Still another aspect of the invention is the provision of a hydraulically actuated power takeoff clutch unit which employs a rotary union for coupling hydraulic, cooling and lubricating fluids to the clutch assembly.
Still a further aspect of the invention is to provide a hydraulically actuated power takeoff clutch unit which is electronically controlled so as to achieve effective start-up and controlled operation.
Yet a further aspect of the invention is to provide a hydraulically actuated power takeoff clutch unit which is reliable and durable in operation, readily constructed from state of the art components, and readily adapted to implementation with existing equipment.
Another aspect of the invention is the provision of a power takeoff clutch assembly and diagnostic system in which engagement of the clutch, whether hydraulic, pneumatic, mechanical or electrical, is attained through sequential steps, providing increased opportunity for engagement to occur without stalling the power source.
A further aspect of the invention is the provision of a power takeoff clutch assembly and diagnostic system in which various operational parameters involving the clutch and associated power source are continually monitored and assessed to detect operational failures and their causes and prevent the same.

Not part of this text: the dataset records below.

(* Let $a,u\in\mathbb Z$ with $a\ge2$, $|u|\le a$, and let $n$ be a sufficiently large positive integer. Then all $a$ roots of the polynomial $p_u(\tau)=e^{i\pi u}n(\tau-1)^a-\tau^{a-1}$ are given by the (convergent) asymptotic expansions $$\tau_k(u)=1+\sum_{m=1}^\infty\frac{(2-m/a)_{m-1}}{m!}\cdot\frac{e^{\frac{m(2\pi k-\pi u)i}{a}}}{n^{m/a}},\qquad k=0,1,\ldots,a-1.$$
   Context: $(\lambda)_0=1$, $(\lambda)_m=\lambda(\lambda+1)\cdots(\lambda+m-1)$ is the Pochhammer symbol. *)

From Stdlib Require Import Reals List Arith Factorial.
From Coquelicot Require Import Coquelicot.
Open Scope R_scope.

Fixpoint poch (x : R) (m : nat) : R :=
  match m with
  | O => 1
  | S m' => poch x m' * (x + INR m')
  end.

Definition cis (t : R) : C := (cos t, sin t).

Definition p_u (a : nat) (u : Z) (n : nat) (tau : C) : C :=
  (cis (PI * IZR u) * RtoC (INR n) * Cpow (tau - 1) a - Cpow tau (a - 1))%C.

Definition tau_term (a : nat) (u : Z) (n k m : nat) : C :=
  (RtoC (poch (2 - INR m / INR a) (m - 1) / INR (fact m))
   * cis (INR m * (2 * PI * INR k - PI * IZR u) / INR a)
   / RtoC (Rpower (INR n) (INR m / INR a)))%C.

Definition tau_seq (a : nat) (u : Z) (n k : nat) : nat -> C :=
  fun j => tau_term a u n k (S j).

Definition root_prod (a : nat) (r : nat -> C) (t : C) : C :=
  fold_right (fun k acc => ((t - r k) * acc)%C) (RtoC 1) (seq 0 a).

From Stdlib Require Import Reals List Lia ZArith Psatz.
From Coquelicot Require Import Coquelicot.
Open Scope R_scope.

(* The roots are obtained from the generalised binomial series
   [T x = sum_m x/(x + m t) binom(x + m t, m) z^m] with [t = 1 - 1/a], evaluated at the
   [a]-th roots [z] of [e^{-i pi u}/n].  The Rothe-Hagen convolution identity gives
   [T x * T y = T (x + y)], and the recurrence of the coefficients gives [T 1 = 1 + z T t].
   Hence [(T 1 - 1)^a = z^a T (a t) = z^a T 1^(a-1)], i.e. [T 1] is a root of [p_u]; its
   coefficients are exactly those of the expansion [tau_k(u)].  For large [n] the [a]
   points [z] are small and pairwise about [n^{-1/a}] apart while [T 1 - 1 - z = O(z^2)],
   so the [a] values [T 1] are distinct and exhaust the roots of the degree-[a]
   polynomial [p_u]. *)

(** * Polynomial functions on C *)

Fixpoint Cpoly_eval (l : list C) (t : C) : C :=
  match l with nil => RtoC 0 | c :: l' => (c + t * Cpoly_eval l' t)%C end.

(* polynomial functions of degree < [d] *)
Definition Cpoly (d : nat) (f : C -> C) : Prop :=
  exists l, (length l <= d)%nat /\ forall t, f t = Cpoly_eval l t.

Lemma Cpoly_ext d f g : (forall t, f t = g t) -> Cpoly d f -> Cpoly d g.
Proof. intros E [l [Hl Hf]]. exists l. split; auto. intros t; rewrite <- E; auto. Qed.

Lemma Cpoly_mono d d' f : (d <= d')%nat -> Cpoly d f -> Cpoly d' f.
Proof. intros H [l [Hl Hf]]. exists l. split; [lia | auto]. Qed.

Lemma Cpoly_const c : Cpoly 1 (fun _ => c).
Proof. exists (c :: nil). split; simpl; auto. intros t. ring. Qed.

Lemma Cpoly_zero d : Cpoly d (fun _ => RtoC 0).
Proof. exists nil. split; simpl; [lia | auto]. Qed.

Fixpoint coef_add (l1 l2 : list C) : list C :=
  match l1, l2 with
  | nil, _ => l2
  | _, nil => l1
  | c1 :: l1', c2 :: l2' => (c1 + c2)%C :: coef_add l1' l2'
  end.

Lemma Cpoly_eval_coef_add l1 l2 t :
  Cpoly_eval (coef_add l1 l2) t = (Cpoly_eval l1 t + Cpoly_eval l2 t)%C.
Proof.
  revert l2; induction l1 as [|c1 l1 IH]; intros [|c2 l2]; simpl; try ring.
  rewrite IH. ring.
Qed.

Lemma length_coef_add l1 l2 d :
  (length l1 <= d)%nat -> (length l2 <= d)%nat -> (length (coef_add l1 l2) <= d)%nat.
Proof.
  revert l2 d; induction l1 as [|c1 l1 IH]; intros [|c2 l2] d H1 H2; simpl in *; auto.
  destruct d as [|d]; [lia |]. specialize (IH l2 d). lia.
Qed.

Lemma Cpoly_add d f g : Cpoly d f -> Cpoly d g -> Cpoly d (fun t => f t + g t)%C.
Proof.
  intros [l1 [H1 F1]] [l2 [H2 F2]]. exists (coef_add l1 l2). split.
  - apply length_coef_add; auto.
  - intros t. rewrite Cpoly_eval_coef_add, F1, F2. auto.
Qed.

Lemma Cpoly_scal d c f : Cpoly d f -> Cpoly d (fun t => c * f t)%C.
Proof.
  intros [l [H F]]. exists (map (fun x => c * x)%C l). split.
  - rewrite length_map; auto.
  - intros t. rewrite F. clear. induction l as [|x l IH]; simpl; [ring |].
    rewrite <- IH. ring.
Qed.

Lemma Cpoly_sub d f g : Cpoly d f -> Cpoly d g -> Cpoly d (fun t => f t - g t)%C.
Proof.
  intros Hf Hg. apply Cpoly_ext with (fun t => f t + (-1) * g t)%C; [intros; ring |].
  apply Cpoly_add; auto. apply Cpoly_scal; auto.
Qed.

Lemma Cpoly_mul_lin d f (al be : C) :
  Cpoly d f -> Cpoly (S d) (fun t => (al * t + be) * f t)%C.
Proof.
  intros [l [H F]].
  apply Cpoly_ext with (fun t => al * Cpoly_eval (RtoC 0 :: l) t + be * Cpoly_eval l t)%C.
  { intros t. simpl. rewrite F. ring. }
  apply Cpoly_add; apply Cpoly_scal.
  - exists (RtoC 0 :: l). simpl. split; [lia | auto].
  - exists l. split; [lia | auto].
Qed.

Lemma Cpoly_pow m : Cpoly (S m) (fun t => Cpow t m).
Proof.
  induction m as [|m IH].
  - apply Cpoly_ext with (fun _ => RtoC 1); [auto | apply Cpoly_const].
  - apply Cpoly_ext with (fun t => (1 * t + 0) * Cpow t m)%C; [intros; simpl; ring |].
    apply Cpoly_mul_lin; auto.
Qed.
(* For every $n\ge1$, \[G_n(x)=(n+(n-1)x)H_n(x)+(x+x^2)H_n'(x).\]
   Context: The polynomials are defined by $G_1=H_1=1$, $G_{n+1}(x)=(2n+nx)G_n(x)+(1+x)^2G_n'(x)$ and $H_{n+1}(x)=(2n-1+(n-1)x)H_n(x)+(1+x)^2H_n'(x)$. *)

From mathcomp Require Import all_boot all_order all_algebra.
Set Implicit Arguments. Unset Strict Implicit. Unset Printing Implicit Defensive.
Import GRing.Theory.
Local Open Scope ring_scope.

(* Gs k = G_(k+1), Hs k = H_(k+1) (0-based shift to avoid junk values). *)
Fixpoint Gs (k : nat) : {poly int} :=
  match k with
  | 0%N => 1
  | k'.+1 =>
      let n := k'.+1 in
      ((2 * n)%:R%:P + n%:R *: 'X) * Gs k' + ('X + 1) ^+ 2 * (Gs k')^`()
  end.

Fixpoint Hs (k : nat) : {poly int} :=
  match k with
  | 0%N => 1
  | k'.+1 =>
      let n := k'.+1 in
      (((2 * n)%:R - 1)%:P + (n%:R - 1) *: 'X) * Hs k' + ('X + 1) ^+ 2 * (Hs k')^`()
  end.

(* G n, H n for n >= 1 (G 0, H 0 are junk = G_1 = H_1) *)
Definition G (n : nat) : {poly int} := Gs n.-1.
Definition H (n : nat) : {poly int} := Hs n.-1.

From mathcomp Require Import all_boot all_order all_algebra.
From mathcomp Require Import ring.
Import GRing.Theory.
Local Open Scope ring_scope.

(* The map [h |-> (n + (n-1) x) h + (x + x^2) h'] intertwines the step
   operator of the H-recursion at index n with that of the G-recursion, so
   it carries H_n to G_n by induction from G_1 = H_1 = 1. *)

Section Intertwining.

Context {R : comNzRingType}.

Definition G_step (n : nat) (p : {poly R}) : {poly R} :=
  ((2 * n)%:R%:P + n%:R *: 'X) * p + ('X + 1) ^+ 2 * p^`().

Definition H_step (n : nat) (p : {poly R}) : {poly R} :=
  (((2 * n)%:R - 1)%:P + (n%:R - 1) *: 'X) * p + ('X + 1) ^+ 2 * p^`().

Definition H_to_G (n : nat) (h : {poly R}) : {poly R} :=
  (n%:R%:P + (n%:R - 1) *: 'X) * h + ('X + 'X ^+ 2) * h^`().

Lemma G_step_H_to_G (n : nat) (h : {poly R}) :
  G_step n (H_to_G n h) = H_to_G n.+1 (H_step n h).
Proof.
rewrite /G_step /H_step /H_to_G -!mul_polyC !derivE.
rewrite ?polyCB ?polyC1 ?polyCn.
ring.
Qed.

End Intertwining.

Lemma Gs_H_to_G (k : nat) : Gs k = H_to_G k.+1 (Hs k).
Proof.
elim: k => [|k IH].
  by rewrite /H_to_G derivC mulr0 addr0 subrr scale0r addr0 mulr1.
by rewrite -[Gs k.+1]/(G_step k.+1 (Gs k)) IH G_step_H_to_G.
Qed.

Theorem mainTheorem8 (n : nat) : (1 <= n)%N ->
  G n = (n%:R%:P + (n%:R - 1) *: 'X) * H n + ('X + 'X ^+ 2) * (H n)^`().
Proof. by case: n => // n _; rewrite /G /H /= Gs_H_to_G. Qed.
(* Let the notation be as in the context, and for $\hat u\in U(\mathfrak g)$, $P\in\hat S(\mathfrak g^* )$ put $\langle\hat u,P\rangle_\phi:=\epsilon_S(P\triangleleft\hat u)$. For multiindices $I,J,K$: (iii) if $|I|<|J|$, then every monomial occurring in $\partial^J\triangleleft\hat x_I$ has degree at least $|J|-|I|$; (iv) if $|I|=|J|$, then $\partial^J\triangleleft\hat x_I-I!\,\delta^I_J$ has zero constant term; (v) $\langle\hat x_J,\partial^K\rangle_\phi=K!\,\delta^K_J$ whenever $K\ge J$ in the componentwise partial order; (vi) there is a unique family $\{\partial^{\{K\}}\}_{K\in\mathbb N_0^n}$ of elements of $\hat S(\mathfrak g^* )$ such that $\langle\hat x_J,\partial^{\{K\}}\rangle_\phi=K!\,\delta^K_J$ for all multiindices $K,J$.
   Context: Let $k$ be a field of characteristic zero and $\mathfrak g$ a Lie algebra over $k$ of finite dimension $n$ with basis $\hat x_1,\dots,\hat x_n$ and $[\hat x_\mu,\hat x_\nu]=C^\lambda_{\mu\nu}\hat x_\lambda$; summation over repeated indices is understood. $U(\mathfrak g)$ is its universal enveloping algebra (a cocommutative Hopf algebra with $\hat x_\mu$ primitive, counit $\epsilon$, Sweedler notation $\Delta(u)=\sum u_{(1)}\otimes u_{(2)}$). $\hat S(\mathfrak g^* ):=k[[\partial^1,\dots,\partial^n]]$, and $\epsilon_S:\hat S(\mathfrak g^* )\to k$ is the constant-term map. Let $\mathcal C^\alpha_\beta:=C^\alpha_{\beta\gamma}\partial^\gamma$ and $\phi:=\frac{-\mathcal C}{e^{-\mathcal C}-1}=\sum_{N\ge0}\frac{(-1)^NB_N}{N!}\mathcal C^N$ ($B_N$ Bernoulli numbers), a matrix with entries in $\hat S(\mathfrak g^* )$. It is known (and assumed) that there is a unique right Hopf action $\triangleleft$ of $U(\mathfrak g)$ on $\hat S(\mathfrak g^* )$ (i.e. $(a\triangleleft u)\triangleleft v=a\triangleleft(uv)$, $(ab)\triangleleft u=\sum(a\triangleleft u_{(1)})(b\triangleleft u_{(2)})$, $1\triangleleft u=\epsilon(u)1$) such that $a\mapsto a\triangleleft\hat x_\alpha$ is the continuous derivation sending $\partial^\beta\mapsto\phi^\beta_\alpha$. For a multiindex $K=(k_1,\dots,k_n)\in\mathbb N_0^n$: $|K|=k_1+\dots+k_n$, $K!=k_1!\cdots k_n!$, $\hat x_K:=\hat x_1^{k_1}\cdots\hat x_n^{k_n}\in U(\mathfrak g)$, $\partial^K:=(\partial^1)^{k_1}\cdots(\partial^n)^{k_n}$, and $\delta^K_J$ is $1$ if $K=J$ and $0$ otherwise. *)

From HB Require Import structures.
From mathcomp Require Import all_boot all_order all_algebra.
Set Implicit Arguments. Unset Strict Implicit. Unset Printing Implicit Defensive.
Import Order.TTheory GRing.Theory Num.Theory.
Local Open Scope ring_scope.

The foregoing and other aspects of the invention which will become apparent as the detailed description proceeds are achieved by a method for operationally interconnecting a power source and a load through a clutch, comprising: engaging the clutch; monitoring the speed of the power source; and sequentially disengaging the clutch if the speed of the power source drops below a first threshold and re-engaging the clutch if the speed of the power source exceeds a second threshold.
Other aspects of the invention are attained by a method for controlling and monitoring the operative interengagement of a power source and load through a clutch, comprising: sensing the speed of the power source; sensing the oil pressure and temperature of the clutch; and controlling the engagement and disengagement of the clutch as a function of said speed, oil pressure and temperature.